From an ICC perspective, Kenyatta was, at least, present to hear the decision. 

The ICC is apparently learning too, not least from the ICTY – whose shadow some say it emerges from with a degree of insecurity. ‘The ICC has preferred to blaze its own trail, rather than learning from the ICTY,’ Robinson relates. ‘At the beginning of the ICC’s operation, the insistence on doing it their own way made it politically incorrect for ICC staff who had worked at the ICTY to say “this is how we did it at the ICTY”. That was like a faux-pas.  The court’s administration and judges were determined to reinvent the wheel. That has lessened somewhat over the years as the ICC stumbled and lessons from the ICTY are a bit more tolerated now.’

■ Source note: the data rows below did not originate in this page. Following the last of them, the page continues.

(* Let $(A,B)$ be a regular pair with $A,B\in\mathbb{C}^{n\times n}$, and let $C,D\in\mathbb{C}^{n\times n}$ be such that $[C,D]\in\mathbb{C}^{n\times2n}$ has full row rank and $CA+DB=0$. Then the pair $(D,C)$ is regular.
   Context: A pair $(A,B)$ of square matrices is regular if $\det(A-\lambda B)\neq0$ for some $\lambda\in\mathbb{C}$. *)

From HB Require Import structures.
From mathcomp Require Import all_boot all_order all_algebra.
From mathcomp Require Import complex.
From mathcomp Require Import reals.
Set Implicit Arguments. Unset Strict Implicit. Unset Printing Implicit Defensive.
Import GRing.Theory Num.Theory.
Local Open Scope ring_scope.

Definition regular_pair (F : comNzRingType) (n : nat) (A B : 'M[F]_n) : Prop :=
  exists lambda : F, \det (A - lambda *: B) != 0.

From HB Require Import structures.
From mathcomp Require Import all_boot all_order all_algebra.
From mathcomp Require Import complex.
From mathcomp Require Import reals.
Import GRing.Theory Num.Theory.
Local Open Scope ring_scope.
Local Open Scope complex_scope.

(* Pick l with E := A - l B invertible.  The relation C A + D B = 0 rewrites
   as C E = - (D + l C) B, so [C, D] = (D + l C) [- B E^-1, I + l B E^-1].
   As [C, D] has full row rank n, the n x n factor D + l C = D - (- l) C
   must be invertible. *)

Lemma row_free_mulmxl (F : fieldType) [m p k] [M : 'M[F]_(m, p)] [N : 'M_(p, k)] :
  row_free (M *m N) -> row_free M.
Proof.
by move=> /eqP hMN; rewrite /row_free eqn_leq rank_leq_row -{1}hMN mxrankM_maxl.
Qed.

Section RegularPencil.
Variables (F : fieldType) (n : nat).
Implicit Types A B C D : 'M[F]_n.

Lemma regular_pairP A B : regular_pair A B <-> exists l, A - l *: B \in unitmx.
Proof. by split=> -[l hl]; exists l; move: hl; rewrite unitmxE unitfE. Qed.

Lemma row_mx_pencil_factor [A B C D] [l : F] :
  A - l *: B \in unitmx -> C *m A + D *m B = 0 ->
  let G := B *m invmx (A - l *: B) in
  row_mx C D = (D + l *: C) *m row_mx (- G) (1%:M + l *: G).
Proof.
move=> El hCD G; set D' := D + l *: C.
have hCE : C *m (A - l *: B) = - (D' *m B).
  rewrite mulmxBr mulmxDl -!scalemxAl -scalemxAr.
  by apply/eqP; rewrite -subr_eq0 opprK addrACA addNr addr0 hCD.
have hC : C = - (D' *m G).
  by rewrite mulmxA -mulNmx -hCE -mulmxA mulmxV // mulmx1.
have hD : D = D' *m (1%:M + l *: G).
  by rewrite mulmxDr mulmx1 -scalemxAr -[D' *m G]opprK -hC scalerN addrK.
by rewrite mul_mx_row mulmxN -hC -hD.
Qed.

Lemma regular_pair_left_kernel A B C D :
  regular_pair A B -> row_free (row_mx C D) -> C *m A + D *m B = 0 ->
  regular_pair D C.
Proof.
move=> /regular_pairP [l El] hfree hCD; apply/regular_pairP; exists (- l).
rewrite scaleNr opprK -row_free_unit.
by move: hfree; rewrite (row_mx_pencil_factor El hCD); apply: row_free_mulmxl.
Qed.

End RegularPencil.

Theorem lemma3p4 (R : realType) (n : nat) (A B C D : 'M[R[i]]_n) :
  regular_pair A B ->
  \rank (row_mx C D) = n ->
  C *m A + D *m B = 0 ->
  regular_pair D C.
Proof.
move=> hAB /eqP hfree; exact: regular_pair_left_kernel.
Qed.
(* Let $N$ be a positive integer, $l\in\{2,\ldots,\frac{N}{2}\}$, and let $\Gamma$ be the $l$-hypercycle on $N$ vertices. Then the eigenvalues of its (signless) normalized Laplacian are $$\lambda_i=1+\frac{\sum_{r=1}^N m(r)\cos\left(\frac{2\pi i r}{N}\right)}{l},\qquad i=1,\ldots,N,$$ where $m:\{0,\ldots,N\}\to\mathbb{Z}$ is defined by $m(r):=l-r$ for $r\in\{1,\ldots,l-1\}$, $m(N-k):=l-k$ for $k\in\{1,\ldots,l-1\}$, and $m:=0$ otherwise.
   Context: A hypergraph $\Gamma=(\mathcal{V},\mathcal{H})$ has a finite vertex set $\mathcal{V}$ and a set $\mathcal{H}$ of nonempty subsets of $\mathcal{V}$ (hyperedges). $\deg(v)$ is the number of hyperedges containing $v$, $D$ the diagonal degree matrix, $A$ the matrix with $A_{ii}=0$ and $A_{ij}=-\#\{h\in\mathcal{H}: v_i,v_j\in h\}$ for $i\ne j$, and the (signless) normalized Laplacian is $L=\mathrm{Id}-D^{-1}A$. The $l$-hypercycle on $N$ vertices has $\mathcal{V}=\{v_1,\ldots,v_N\}$ and $\mathcal{H}=\{h_1,\ldots,h_N\}$ with $h_i=\{v_i,v_{i+1},\ldots,v_{i+l-1}\}$, indices taken modulo $N$ (i.e. $v_{N+i}:=v_i$). Here the eigenvalues $\lambda_i$ are indexed by the formula, not in increasing order. *)

From HB Require Import structures.
From mathcomp Require Import all_boot all_order all_algebra.
From mathcomp Require Import all_classical all_reals all_analysis.
Set Implicit Arguments. Unset Strict Implicit. Unset Printing Implicit Defensive.
Import Order.TTheory GRing.Theory Num.Theory.
Local Open Scope ring_scope.

Section Hypergraph.
Variables (R : realType) (V : finType) (H : {set {set V}}).

Definition hdeg (v : V) : nat := #|[set h in H | v \in h]|.

Definition hadj : 'M[R]_#|V| :=
  \matrix_(i, j) (if i == j then 0
                  else - (#|[set h in H | (enum_val i \in h) && (enum_val j \in h)]|)%:R).

Definition hdegmx : 'M[R]_#|V| := \matrix_(i, j) ((i == j)%:R * (hdeg (enum_val i))%:R).

Definition hlap : 'M[R]_#|V| := 1%:M - invmx hdegmx *m hadj.
End Hypergraph.

(* The l-hypercycle on N vertices v_0..v_{N-1} (0-based indices mod N):
   h_i = {v_i, v_{i+1}, ..., v_{i+l-1}} *)
Definition hyperedge (N l : nat) (i : 'I_N) : {set 'I_N} :=
  [set v : 'I_N | ((v + N - i) %% N < l)%N].

Definition hypercycle (N l : nat) : {set {set 'I_N}} :=
  [set hyperedge l i | i : 'I_N].

Definition mfun (N l r : nat) : int :=
  if (1 <= r <= l - 1)%N then (l%:Z - r%:Z)
  else if (N - (l - 1) <= r <= N - 1)%N then (l%:Z - (N - r)%:Z)
  else 0.

Definition hc_eig (R : realType) (N l i : nat) : R :=
  1 + (\sum_(1 <= r < N.+1) (mfun N l r)%:~R * cos (2 * pi * i%:R * r%:R / N%:R)) / l%:R.

From Pilot Require Import Defs.
From HB Require Import structures.
From mathcomp Require Import all_boot all_order all_algebra.
From mathcomp Require Import all_classical all_reals all_analysis.
From mathcomp Require Import complex lra zify.
(* Re-import so that [mfun] denotes [Defs.mfun], not MathComp-Analysis's notation. *)
Import Defs.
Set Implicit Arguments. Unset Strict Implicit. Unset Printing Implicit Defensive.
Import Order.TTheory GRing.Theory Num.Theory.

(* Each vertex of the l-hypercycle lies in exactly l hyperedges, and two vertices at
   cyclic distance d lie in exactly m(d) common hyperedges, so L = Id - D^-1 A is the
   circulant matrix with first row c(d) = [d = 0] + m(d)/l.  A circulant matrix is
   diagonalized by the Fourier matrix (w^(jk))_(j,k), w = exp(2 pi i/N), an invertible
   Vandermonde matrix, with eigenvalues sum_d c(d) w^(jd); since m(d) = m(N - d) these
   are the real numbers 1 + sum_d m(d) cos(2 pi j d/N) / l.  Indexing them by
   j = 1..N instead of j = 0..N-1 is harmless because w^N = 1. *)

Lemma big_ord_rot1 (R : Type) (idx : R) (op : Monoid.com_law idx) n (F : nat -> R) :
  F n = F 0 -> \big[op/idx]_(i < n) F i.+1 = \big[op/idx]_(i < n) F i.
Proof.
case: n => [|n] FnF0; first by rewrite !big_ord0.
by rewrite big_ord_recr FnF0 big_ord_recl Monoid.mulmC.
Qed.

Lemma big_ord_shift_periodic (R : Type) (idx : R) (op : Monoid.com_law idx) n k
    (F : nat -> R) :
  (forall m, F (m + n) = F m) -> \big[op/idx]_(i < n) F (i + k) = \big[op/idx]_(i < n) F i.
Proof.
move=> F_per; elim: k => [|k IHk]; first by under eq_bigr do rewrite addn0.
under eq_bigr do rewrite addnS -addSn.
by rewrite (big_ord_rot1 op (F := fun i => F (i + k))) // add0n addnC F_per.
Qed.

Lemma big_ord_reflect (R : Type) (idx : R) (op : Monoid.com_law idx) n (F : nat -> R) :
  \big[op/idx]_(i < n) F ((n - i) %% n) = \big[op/idx]_(i < n) F i.
Proof.
rewrite -(big_ord_rot1 op (F := fun i => F ((n - i) %% n))); last first.
  by rewrite subnn mod0n subn0 modnn.
rewrite [RHS](reindex_inj rev_ord_inj); apply: eq_bigr => i _ /=.
by rewrite modn_small //; have := ltn_ord i; lia.
Qed.

Lemma card_ord_range n lo hi : hi <= n -> #|[set t : 'I_n | lo <= t < hi]| = hi - lo.
Proof.
move=> hi_n; rewrite -sum1dep_card -(big_mkord (fun t => lo <= t < hi) (fun=> 1%N)).
rewrite big_mkcond /=; suff -> : forall m,
    \sum_(0 <= i < m) (if lo <= i < hi then 1 else 0) = minn hi m - minn lo m by lia.
elim=> [|m IHm]; first by rewrite big_geq //; lia.
by rewrite big_nat_recr //= IHm; case: ifP; lia.
Qed.

Lemma modn_cases N x : 0 < N ->
  (x < N /\ x %% N = x) \/ (N <= x < 2 * N /\ x %% N = x - N) \/ 2 * N <= x.
Proof.
move=> N_gt0; case: (ltnP x N) => [x_lt_N | N_le_x]; first by left; rewrite modn_small.
case: (ltnP x (2 * N)) => [x_lt_2N | ]; last by right; right.
right; left; split; first by apply/andP.
by rewrite -{1}(subnK N_le_x) modnDr modn_small //; lia.
Qed.

(* Rewrites each innermost [x %% N] to [x] or [x - N]; the bounds giving [x < 2 * N]
   must be in the context, since the remaining case is closed by [lia]. *)
Ltac case_modn N_gt0 :=
  repeat match goal with
  | |- context[(?x %% _)%N] =>
      lazymatch x with context[(_ %% _)%N] => fail | _ =>
        have [[? ->]|[[? ->]|?]] := modn_cases x N_gt0; [| | exfalso; lia] end
  end.

Section CyclicOffset.
Variable N : nat.
Hypothesis N_gt0 : 0 < N.

Definition cyc_offset (v i : 'I_N) : 'I_N := Ordinal (ltn_pmod (v + N - i) N_gt0).

Lemma cyc_offsetK v : involutive (cyc_offset v).
Proof.
move=> i; apply: val_inj => /=.
move: (ltn_ord i) (ltn_ord v) => *.
by case_modn N_gt0; lia.
Qed.

Lemma card_cyc_offset v (P : pred 'I_N) :
  #|[set i | P (cyc_offset v i)]| = #|[set t | P t]|.
Proof.
rewrite -[RHS](card_preimset _ (inv_inj (cyc_offsetK v))).
by apply: eq_card => i; rewrite !inE.
Qed.

Lemma cyc_offset_shift u v i :
  cyc_offset v i = (cyc_offset u i + (v + N - u) %% N) %% N :> nat.
Proof.
move: (ltn_ord i) (ltn_ord u) (ltn_ord v) => /= *.
by case_modn N_gt0; lia.
Qed.

End CyclicOffset.

Section HypercycleIncidence.
Variables (N l : nat).
Hypotheses (l_gt0 : 0 < l) (l_le_half : 2 * l <= N).

Let N_gt0 : 0 < N. Proof. by lia. Qed.

Lemma mem_hyperedge v i : (v \in hyperedge l i) = (cyc_offset N_gt0 v i < l).
Proof. by rewrite inE. Qed.

Lemma hyperedge_inj : injective (@hyperedge N l).
Proof.
move=> i j eq_ij; apply: val_inj => /=.
have self (k : 'I_N) : k \in hyperedge l k by rewrite inE addKn modnn.
have := self i; rewrite eq_ij inE => i_in_j.
have := self j; rewrite -eq_ij inE => j_in_i.
move: (ltn_ord i) (ltn_ord j) => *.
by move: i_in_j j_in_i; case_modn N_gt0; lia.
Qed.

Lemma card_hypercycle_edges (P : pred {set 'I_N}) :
  #|[set h in hypercycle N l | P h]| = #|[set i | P (hyperedge l i)]|.
Proof.
have -> : [set h in hypercycle N l | P h] = hyperedge l @: [set i | P (hyperedge l i)].
  apply/setP => h; rewrite !inE; apply/andP/imsetP.
    by case=> /imsetP[i _ ->] Ph; exists i; rewrite ?inE.
  by case=> i; rewrite inE => Pi ->; split => //; apply/imsetP; exists i.
exact/card_imset/hyperedge_inj.
Qed.

Lemma hdeg_hypercycle v : hdeg (hypercycle N l) v = l.
Proof.
rewrite /hdeg card_hypercycle_edges.
under eq_finset do rewrite mem_hyperedge.
rewrite (card_cyc_offset N_gt0 v (fun t => t < l)).
by rewrite (card_ord_range 0) //; lia.
Qed.

Lemma card_overlap d : 0 < d < N ->
  Posz #|[set t : 'I_N | (t < l) && ((t + d) %% N < l)]| = mfun N l d.
Proof.
move=> /andP[d_gt0 d_lt_N].
have overlapE lo hi : hi <= N ->
    (forall t, t < N -> (t < l) && ((t + d) %% N < l) = (lo <= t < hi)) ->
  #|[set t : 'I_N | (t < l) && ((t + d) %% N < l)]| = hi - lo.
  move=> hi_le_N E; rewrite -(card_ord_range lo hi_le_N).
  by apply: eq_card => t; rewrite !inE E.
rewrite /mfun; case: ifP => [d_small | d_not_small]; [|case: ifP => [d_large | d_mid]].
- rewrite (overlapE 0 (l - d)); [lia | lia | move=> t t_lt_N].
  by case_modn N_gt0; apply/idP/idP; lia.
- rewrite (overlapE (N - d) l); [lia | lia | move=> t t_lt_N].
  by case_modn N_gt0; apply/idP/idP; lia.
- rewrite (overlapE 0 0); [lia | lia | move=> t t_lt_N].
  by case_modn N_gt0; apply/idP/idP; lia.
Qed.

Lemma card_common_hyperedges u v : u != v ->
  Posz #|[set h in hypercycle N l | (u \in h) && (v \in h)]| = mfun N l ((v + N - u) %% N).
Proof.
move=> u_neq_v; rewrite card_hypercycle_edges.
under eq_finset do rewrite !mem_hyperedge (cyc_offset_shift N_gt0 u v).
rewrite (card_cyc_offset N_gt0 u (fun t => (t < l) && ((t + (v + N - u) %% N) %% N < l))).
apply: card_overlap; move: u_neq_v (ltn_ord u) (ltn_ord v); rewrite -val_eqE /= => *.
by case_modn N_gt0; lia.
Qed.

But as was the case with the ICTY, the biggest difference to its record would come from a shift in international political priorities. As Robertson concludes: ‘There is nothing wrong with the ICC laws, subject to the failure of the member states to bring within its jurisdiction the crime of aggression… the key problem for the ICC is its lack of support and particularly the lack of support of its prosecutor from a frequently pole-axed UN Security Council.’